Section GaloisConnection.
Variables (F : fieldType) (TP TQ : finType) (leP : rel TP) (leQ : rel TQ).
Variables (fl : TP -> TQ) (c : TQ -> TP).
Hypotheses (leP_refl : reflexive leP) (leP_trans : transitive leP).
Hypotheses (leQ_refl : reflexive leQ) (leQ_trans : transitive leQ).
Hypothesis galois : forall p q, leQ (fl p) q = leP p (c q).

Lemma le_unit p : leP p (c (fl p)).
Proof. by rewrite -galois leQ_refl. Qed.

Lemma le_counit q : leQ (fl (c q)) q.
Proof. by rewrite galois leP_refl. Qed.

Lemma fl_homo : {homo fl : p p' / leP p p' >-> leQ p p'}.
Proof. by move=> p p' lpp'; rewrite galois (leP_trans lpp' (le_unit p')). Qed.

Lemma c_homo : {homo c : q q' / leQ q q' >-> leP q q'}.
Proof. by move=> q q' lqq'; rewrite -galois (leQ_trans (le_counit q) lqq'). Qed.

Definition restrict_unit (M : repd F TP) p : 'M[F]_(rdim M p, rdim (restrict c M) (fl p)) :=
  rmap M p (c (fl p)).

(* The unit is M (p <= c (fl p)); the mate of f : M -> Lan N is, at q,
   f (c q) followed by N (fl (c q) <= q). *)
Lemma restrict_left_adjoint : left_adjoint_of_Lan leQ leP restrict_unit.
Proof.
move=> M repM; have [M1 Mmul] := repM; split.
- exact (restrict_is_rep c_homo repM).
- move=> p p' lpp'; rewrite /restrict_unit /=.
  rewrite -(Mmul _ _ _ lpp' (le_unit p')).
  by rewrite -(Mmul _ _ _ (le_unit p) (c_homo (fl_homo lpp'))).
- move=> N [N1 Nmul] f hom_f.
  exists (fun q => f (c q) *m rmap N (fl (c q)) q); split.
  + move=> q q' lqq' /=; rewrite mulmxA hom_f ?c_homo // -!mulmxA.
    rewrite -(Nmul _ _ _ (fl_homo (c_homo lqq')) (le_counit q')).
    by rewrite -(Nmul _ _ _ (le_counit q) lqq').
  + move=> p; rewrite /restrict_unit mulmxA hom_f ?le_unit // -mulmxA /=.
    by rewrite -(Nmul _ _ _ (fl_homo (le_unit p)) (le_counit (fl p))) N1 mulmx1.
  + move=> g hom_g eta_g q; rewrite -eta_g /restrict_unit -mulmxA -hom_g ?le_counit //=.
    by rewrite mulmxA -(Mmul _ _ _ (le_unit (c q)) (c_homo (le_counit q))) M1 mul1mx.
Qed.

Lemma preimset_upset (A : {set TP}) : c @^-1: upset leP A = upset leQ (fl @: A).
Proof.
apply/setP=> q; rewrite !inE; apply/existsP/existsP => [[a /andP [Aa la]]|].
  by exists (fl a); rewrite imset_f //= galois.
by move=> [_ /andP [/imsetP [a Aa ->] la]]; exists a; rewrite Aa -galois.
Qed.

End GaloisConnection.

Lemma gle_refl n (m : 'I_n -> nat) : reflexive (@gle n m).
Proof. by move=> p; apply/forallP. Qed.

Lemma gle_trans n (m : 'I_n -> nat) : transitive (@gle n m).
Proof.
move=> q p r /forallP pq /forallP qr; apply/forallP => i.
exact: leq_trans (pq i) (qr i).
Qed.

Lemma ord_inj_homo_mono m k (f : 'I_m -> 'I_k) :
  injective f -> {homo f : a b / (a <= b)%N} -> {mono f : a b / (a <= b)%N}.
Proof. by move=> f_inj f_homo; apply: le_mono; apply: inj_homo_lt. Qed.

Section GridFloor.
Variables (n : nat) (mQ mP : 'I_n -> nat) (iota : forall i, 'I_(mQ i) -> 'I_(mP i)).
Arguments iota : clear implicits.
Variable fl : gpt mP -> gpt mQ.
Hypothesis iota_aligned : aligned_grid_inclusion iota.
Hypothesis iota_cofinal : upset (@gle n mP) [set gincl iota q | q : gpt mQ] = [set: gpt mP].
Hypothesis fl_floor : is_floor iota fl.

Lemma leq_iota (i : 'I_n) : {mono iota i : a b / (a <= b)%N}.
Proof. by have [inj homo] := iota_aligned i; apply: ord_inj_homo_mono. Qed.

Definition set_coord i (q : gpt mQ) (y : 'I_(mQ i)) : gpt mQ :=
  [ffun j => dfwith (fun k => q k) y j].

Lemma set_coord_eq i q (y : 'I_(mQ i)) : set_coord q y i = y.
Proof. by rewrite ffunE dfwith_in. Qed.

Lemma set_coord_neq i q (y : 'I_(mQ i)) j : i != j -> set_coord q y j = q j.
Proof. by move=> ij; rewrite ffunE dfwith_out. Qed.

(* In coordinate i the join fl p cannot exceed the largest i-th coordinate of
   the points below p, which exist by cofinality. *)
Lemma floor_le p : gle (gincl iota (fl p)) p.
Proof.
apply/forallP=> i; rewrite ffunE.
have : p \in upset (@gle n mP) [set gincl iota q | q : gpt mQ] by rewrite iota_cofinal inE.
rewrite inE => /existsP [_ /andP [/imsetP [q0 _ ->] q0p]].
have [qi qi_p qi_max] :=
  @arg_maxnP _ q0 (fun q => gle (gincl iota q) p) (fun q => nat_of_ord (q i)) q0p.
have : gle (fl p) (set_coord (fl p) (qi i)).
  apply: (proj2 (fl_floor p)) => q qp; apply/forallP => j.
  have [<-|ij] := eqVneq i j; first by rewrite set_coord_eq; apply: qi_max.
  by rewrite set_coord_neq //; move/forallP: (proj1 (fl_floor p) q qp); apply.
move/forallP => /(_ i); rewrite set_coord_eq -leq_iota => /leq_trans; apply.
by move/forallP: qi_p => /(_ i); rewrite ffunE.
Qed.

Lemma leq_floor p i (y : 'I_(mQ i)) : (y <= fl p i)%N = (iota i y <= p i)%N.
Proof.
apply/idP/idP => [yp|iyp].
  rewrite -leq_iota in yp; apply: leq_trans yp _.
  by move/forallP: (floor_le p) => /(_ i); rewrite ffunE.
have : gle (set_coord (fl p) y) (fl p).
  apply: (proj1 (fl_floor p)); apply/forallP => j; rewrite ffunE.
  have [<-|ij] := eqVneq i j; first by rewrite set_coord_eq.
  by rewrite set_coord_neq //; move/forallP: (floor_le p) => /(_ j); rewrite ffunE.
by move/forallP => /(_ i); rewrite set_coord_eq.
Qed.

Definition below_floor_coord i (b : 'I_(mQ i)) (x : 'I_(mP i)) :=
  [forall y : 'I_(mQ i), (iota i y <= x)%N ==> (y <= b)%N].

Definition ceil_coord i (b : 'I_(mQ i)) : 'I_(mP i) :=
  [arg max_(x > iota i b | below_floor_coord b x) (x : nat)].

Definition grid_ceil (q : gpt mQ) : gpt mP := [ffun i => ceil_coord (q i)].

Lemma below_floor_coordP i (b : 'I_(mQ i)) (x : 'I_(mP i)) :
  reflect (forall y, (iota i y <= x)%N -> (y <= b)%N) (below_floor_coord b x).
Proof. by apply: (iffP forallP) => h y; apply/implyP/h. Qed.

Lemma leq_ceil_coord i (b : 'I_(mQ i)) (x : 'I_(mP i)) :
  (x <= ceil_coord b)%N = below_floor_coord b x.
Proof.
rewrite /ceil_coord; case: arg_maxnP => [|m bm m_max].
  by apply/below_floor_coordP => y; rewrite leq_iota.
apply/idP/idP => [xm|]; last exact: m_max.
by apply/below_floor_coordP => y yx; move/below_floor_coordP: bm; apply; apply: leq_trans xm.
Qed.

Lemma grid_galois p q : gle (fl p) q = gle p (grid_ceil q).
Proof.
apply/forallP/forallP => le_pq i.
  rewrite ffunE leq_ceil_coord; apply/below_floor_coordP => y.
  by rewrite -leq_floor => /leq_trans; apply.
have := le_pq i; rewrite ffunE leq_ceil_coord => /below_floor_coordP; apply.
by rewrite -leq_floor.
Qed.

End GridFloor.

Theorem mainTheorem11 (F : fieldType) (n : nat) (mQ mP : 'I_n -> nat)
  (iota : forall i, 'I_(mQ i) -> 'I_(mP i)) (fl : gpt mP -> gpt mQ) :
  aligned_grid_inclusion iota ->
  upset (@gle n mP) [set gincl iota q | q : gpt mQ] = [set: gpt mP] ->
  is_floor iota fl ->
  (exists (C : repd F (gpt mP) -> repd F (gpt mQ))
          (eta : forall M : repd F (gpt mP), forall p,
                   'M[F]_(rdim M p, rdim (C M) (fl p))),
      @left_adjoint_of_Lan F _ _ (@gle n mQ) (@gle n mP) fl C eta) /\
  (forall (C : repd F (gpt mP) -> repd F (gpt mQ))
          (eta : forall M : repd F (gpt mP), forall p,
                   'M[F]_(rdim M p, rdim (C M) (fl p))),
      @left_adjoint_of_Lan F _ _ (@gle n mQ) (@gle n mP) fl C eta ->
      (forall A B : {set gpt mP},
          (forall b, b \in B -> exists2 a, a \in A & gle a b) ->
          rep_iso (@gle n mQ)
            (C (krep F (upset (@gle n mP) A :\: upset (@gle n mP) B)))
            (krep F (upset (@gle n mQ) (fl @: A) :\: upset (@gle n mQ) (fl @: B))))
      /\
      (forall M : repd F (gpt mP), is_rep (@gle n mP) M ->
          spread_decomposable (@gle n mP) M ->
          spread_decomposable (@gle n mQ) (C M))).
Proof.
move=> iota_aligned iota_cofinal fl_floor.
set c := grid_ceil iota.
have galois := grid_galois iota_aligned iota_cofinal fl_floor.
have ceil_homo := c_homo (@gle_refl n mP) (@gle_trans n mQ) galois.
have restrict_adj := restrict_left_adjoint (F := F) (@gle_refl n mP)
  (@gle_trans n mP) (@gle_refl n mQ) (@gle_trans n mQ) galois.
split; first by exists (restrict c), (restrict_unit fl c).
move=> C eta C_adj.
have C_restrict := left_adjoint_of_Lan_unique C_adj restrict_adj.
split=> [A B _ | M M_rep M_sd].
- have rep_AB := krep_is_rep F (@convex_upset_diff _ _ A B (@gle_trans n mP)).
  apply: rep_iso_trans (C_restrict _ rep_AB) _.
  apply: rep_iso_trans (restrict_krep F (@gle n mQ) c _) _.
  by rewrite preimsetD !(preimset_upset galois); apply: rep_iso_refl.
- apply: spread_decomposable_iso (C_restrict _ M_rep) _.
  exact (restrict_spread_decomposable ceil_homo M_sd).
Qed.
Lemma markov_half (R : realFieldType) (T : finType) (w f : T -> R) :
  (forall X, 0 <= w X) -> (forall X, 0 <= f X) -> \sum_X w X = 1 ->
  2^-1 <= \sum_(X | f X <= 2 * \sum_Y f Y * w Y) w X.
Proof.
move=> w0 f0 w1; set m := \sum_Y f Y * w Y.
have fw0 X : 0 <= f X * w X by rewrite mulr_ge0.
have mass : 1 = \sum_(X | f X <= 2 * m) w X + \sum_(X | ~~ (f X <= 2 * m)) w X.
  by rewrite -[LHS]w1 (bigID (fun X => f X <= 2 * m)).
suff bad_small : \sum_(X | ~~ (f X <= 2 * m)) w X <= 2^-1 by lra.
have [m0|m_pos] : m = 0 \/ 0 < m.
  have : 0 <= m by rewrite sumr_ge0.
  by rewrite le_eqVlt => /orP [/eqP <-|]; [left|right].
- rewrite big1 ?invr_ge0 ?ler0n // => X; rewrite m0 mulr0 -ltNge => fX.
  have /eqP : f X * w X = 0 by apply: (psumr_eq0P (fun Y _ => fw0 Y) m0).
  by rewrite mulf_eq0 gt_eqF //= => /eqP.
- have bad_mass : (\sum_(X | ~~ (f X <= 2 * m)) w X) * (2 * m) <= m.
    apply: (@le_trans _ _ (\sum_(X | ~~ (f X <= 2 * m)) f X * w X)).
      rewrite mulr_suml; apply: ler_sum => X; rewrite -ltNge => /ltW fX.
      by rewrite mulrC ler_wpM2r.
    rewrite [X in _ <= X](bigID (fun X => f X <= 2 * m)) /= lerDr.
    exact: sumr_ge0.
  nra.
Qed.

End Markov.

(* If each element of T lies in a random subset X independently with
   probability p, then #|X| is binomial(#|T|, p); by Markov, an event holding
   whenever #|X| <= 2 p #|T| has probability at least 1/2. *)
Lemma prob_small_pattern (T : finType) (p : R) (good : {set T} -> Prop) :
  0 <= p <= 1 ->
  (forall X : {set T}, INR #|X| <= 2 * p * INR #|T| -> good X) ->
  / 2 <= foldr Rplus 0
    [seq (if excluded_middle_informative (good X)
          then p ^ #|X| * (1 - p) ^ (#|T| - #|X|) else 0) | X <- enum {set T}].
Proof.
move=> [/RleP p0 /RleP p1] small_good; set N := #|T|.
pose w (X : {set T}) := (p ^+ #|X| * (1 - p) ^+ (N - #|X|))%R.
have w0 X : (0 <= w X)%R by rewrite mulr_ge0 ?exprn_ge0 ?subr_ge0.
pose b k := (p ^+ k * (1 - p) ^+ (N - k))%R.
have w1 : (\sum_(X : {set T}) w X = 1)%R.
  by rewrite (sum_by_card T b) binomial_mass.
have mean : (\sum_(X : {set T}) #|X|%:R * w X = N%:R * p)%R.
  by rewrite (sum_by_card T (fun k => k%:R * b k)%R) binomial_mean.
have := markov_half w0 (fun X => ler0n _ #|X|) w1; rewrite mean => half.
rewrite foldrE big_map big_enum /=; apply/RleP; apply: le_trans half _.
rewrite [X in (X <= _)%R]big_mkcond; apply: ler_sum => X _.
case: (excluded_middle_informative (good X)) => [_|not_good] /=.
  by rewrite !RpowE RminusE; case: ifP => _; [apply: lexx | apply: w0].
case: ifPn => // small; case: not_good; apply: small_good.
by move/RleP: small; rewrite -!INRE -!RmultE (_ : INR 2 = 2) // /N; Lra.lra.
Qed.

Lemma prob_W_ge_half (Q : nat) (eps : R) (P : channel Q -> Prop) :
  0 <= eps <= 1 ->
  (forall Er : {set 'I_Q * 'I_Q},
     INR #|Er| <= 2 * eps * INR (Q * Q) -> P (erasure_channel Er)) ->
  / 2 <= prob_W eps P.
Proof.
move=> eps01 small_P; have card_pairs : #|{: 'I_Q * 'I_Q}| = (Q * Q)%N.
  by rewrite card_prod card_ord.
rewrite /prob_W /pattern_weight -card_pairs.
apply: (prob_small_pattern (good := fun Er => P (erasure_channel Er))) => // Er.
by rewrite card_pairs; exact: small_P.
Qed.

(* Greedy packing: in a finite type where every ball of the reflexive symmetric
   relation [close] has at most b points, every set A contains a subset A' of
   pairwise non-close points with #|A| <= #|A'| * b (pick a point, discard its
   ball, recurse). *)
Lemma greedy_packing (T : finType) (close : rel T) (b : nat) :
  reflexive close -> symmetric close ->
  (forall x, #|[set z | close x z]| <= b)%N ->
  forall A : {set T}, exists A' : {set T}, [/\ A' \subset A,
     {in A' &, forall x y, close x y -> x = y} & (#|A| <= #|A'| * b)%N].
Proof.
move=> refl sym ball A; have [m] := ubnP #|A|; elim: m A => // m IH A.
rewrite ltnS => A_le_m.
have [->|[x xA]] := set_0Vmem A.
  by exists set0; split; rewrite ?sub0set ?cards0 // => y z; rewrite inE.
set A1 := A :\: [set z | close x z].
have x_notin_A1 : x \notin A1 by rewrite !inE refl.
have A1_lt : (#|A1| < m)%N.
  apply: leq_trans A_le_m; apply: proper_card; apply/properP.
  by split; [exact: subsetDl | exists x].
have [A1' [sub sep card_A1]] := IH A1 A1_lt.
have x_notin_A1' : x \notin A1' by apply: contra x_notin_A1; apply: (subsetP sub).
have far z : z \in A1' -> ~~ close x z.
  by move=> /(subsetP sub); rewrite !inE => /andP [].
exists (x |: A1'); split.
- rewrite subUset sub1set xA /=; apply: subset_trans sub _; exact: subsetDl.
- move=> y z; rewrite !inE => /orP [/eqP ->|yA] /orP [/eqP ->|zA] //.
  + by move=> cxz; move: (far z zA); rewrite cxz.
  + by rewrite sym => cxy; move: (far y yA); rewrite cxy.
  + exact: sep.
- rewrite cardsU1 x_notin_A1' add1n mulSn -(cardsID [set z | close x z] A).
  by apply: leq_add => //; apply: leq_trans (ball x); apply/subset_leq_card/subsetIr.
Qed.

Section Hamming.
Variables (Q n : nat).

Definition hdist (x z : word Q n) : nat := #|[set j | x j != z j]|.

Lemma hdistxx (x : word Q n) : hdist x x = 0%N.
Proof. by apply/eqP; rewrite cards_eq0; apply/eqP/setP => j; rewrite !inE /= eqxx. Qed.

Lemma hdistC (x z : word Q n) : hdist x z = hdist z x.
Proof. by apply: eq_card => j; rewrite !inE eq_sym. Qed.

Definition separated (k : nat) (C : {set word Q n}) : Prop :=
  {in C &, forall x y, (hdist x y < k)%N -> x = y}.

----

Using the records above, write out exactly the lines between the one holding "split=> [A B _ | M M_rep M_sd]." and the one holding "whenever #|X| <= 2", inclusive; leave everything else out.

split=> [A B _ | M M_rep M_sd].
- have rep_AB := krep_is_rep F (@convex_upset_diff _ _ A B (@gle_trans n mP)).
  apply: rep_iso_trans (C_restrict _ rep_AB) _.
  apply: rep_iso_trans (restrict_krep F (@gle n mQ) c _) _.
  by rewrite preimsetD !(preimset_upset galois); apply: rep_iso_refl.
- apply: spread_decomposable_iso (C_restrict _ M_rep) _.
  exact (restrict_spread_decomposable ceil_homo M_sd).
Qed.
Lemma markov_half (R : realFieldType) (T : finType) (w f : T -> R) :
  (forall X, 0 <= w X) -> (forall X, 0 <= f X) -> \sum_X w X = 1 ->
  2^-1 <= \sum_(X | f X <= 2 * \sum_Y f Y * w Y) w X.
Proof.
move=> w0 f0 w1; set m := \sum_Y f Y * w Y.
have fw0 X : 0 <= f X * w X by rewrite mulr_ge0.
have mass : 1 = \sum_(X | f X <= 2 * m) w X + \sum_(X | ~~ (f X <= 2 * m)) w X.
  by rewrite -[LHS]w1 (bigID (fun X => f X <= 2 * m)).
suff bad_small : \sum_(X | ~~ (f X <= 2 * m)) w X <= 2^-1 by lra.
have [m0|m_pos] : m = 0 \/ 0 < m.
  have : 0 <= m by rewrite sumr_ge0.
  by rewrite le_eqVlt => /orP [/eqP <-|]; [left|right].
- rewrite big1 ?invr_ge0 ?ler0n // => X; rewrite m0 mulr0 -ltNge => fX.
  have /eqP : f X * w X = 0 by apply: (psumr_eq0P (fun Y _ => fw0 Y) m0).
  by rewrite mulf_eq0 gt_eqF //= => /eqP.
- have bad_mass : (\sum_(X | ~~ (f X <= 2 * m)) w X) * (2 * m) <= m.
    apply: (@le_trans _ _ (\sum_(X | ~~ (f X <= 2 * m)) f X * w X)).
      rewrite mulr_suml; apply: ler_sum => X; rewrite -ltNge => /ltW fX.
      by rewrite mulrC ler_wpM2r.
    rewrite [X in _ <= X](bigID (fun X => f X <= 2 * m)) /= lerDr.
    exact: sumr_ge0.
  nra.
Qed.

End Markov.

(* If each element of T lies in a random subset X independently with
   probability p, then #|X| is binomial(#|T|, p); by Markov, an event holding
   whenever #|X| <= 2 p #|T| has probability at least 1/2. *)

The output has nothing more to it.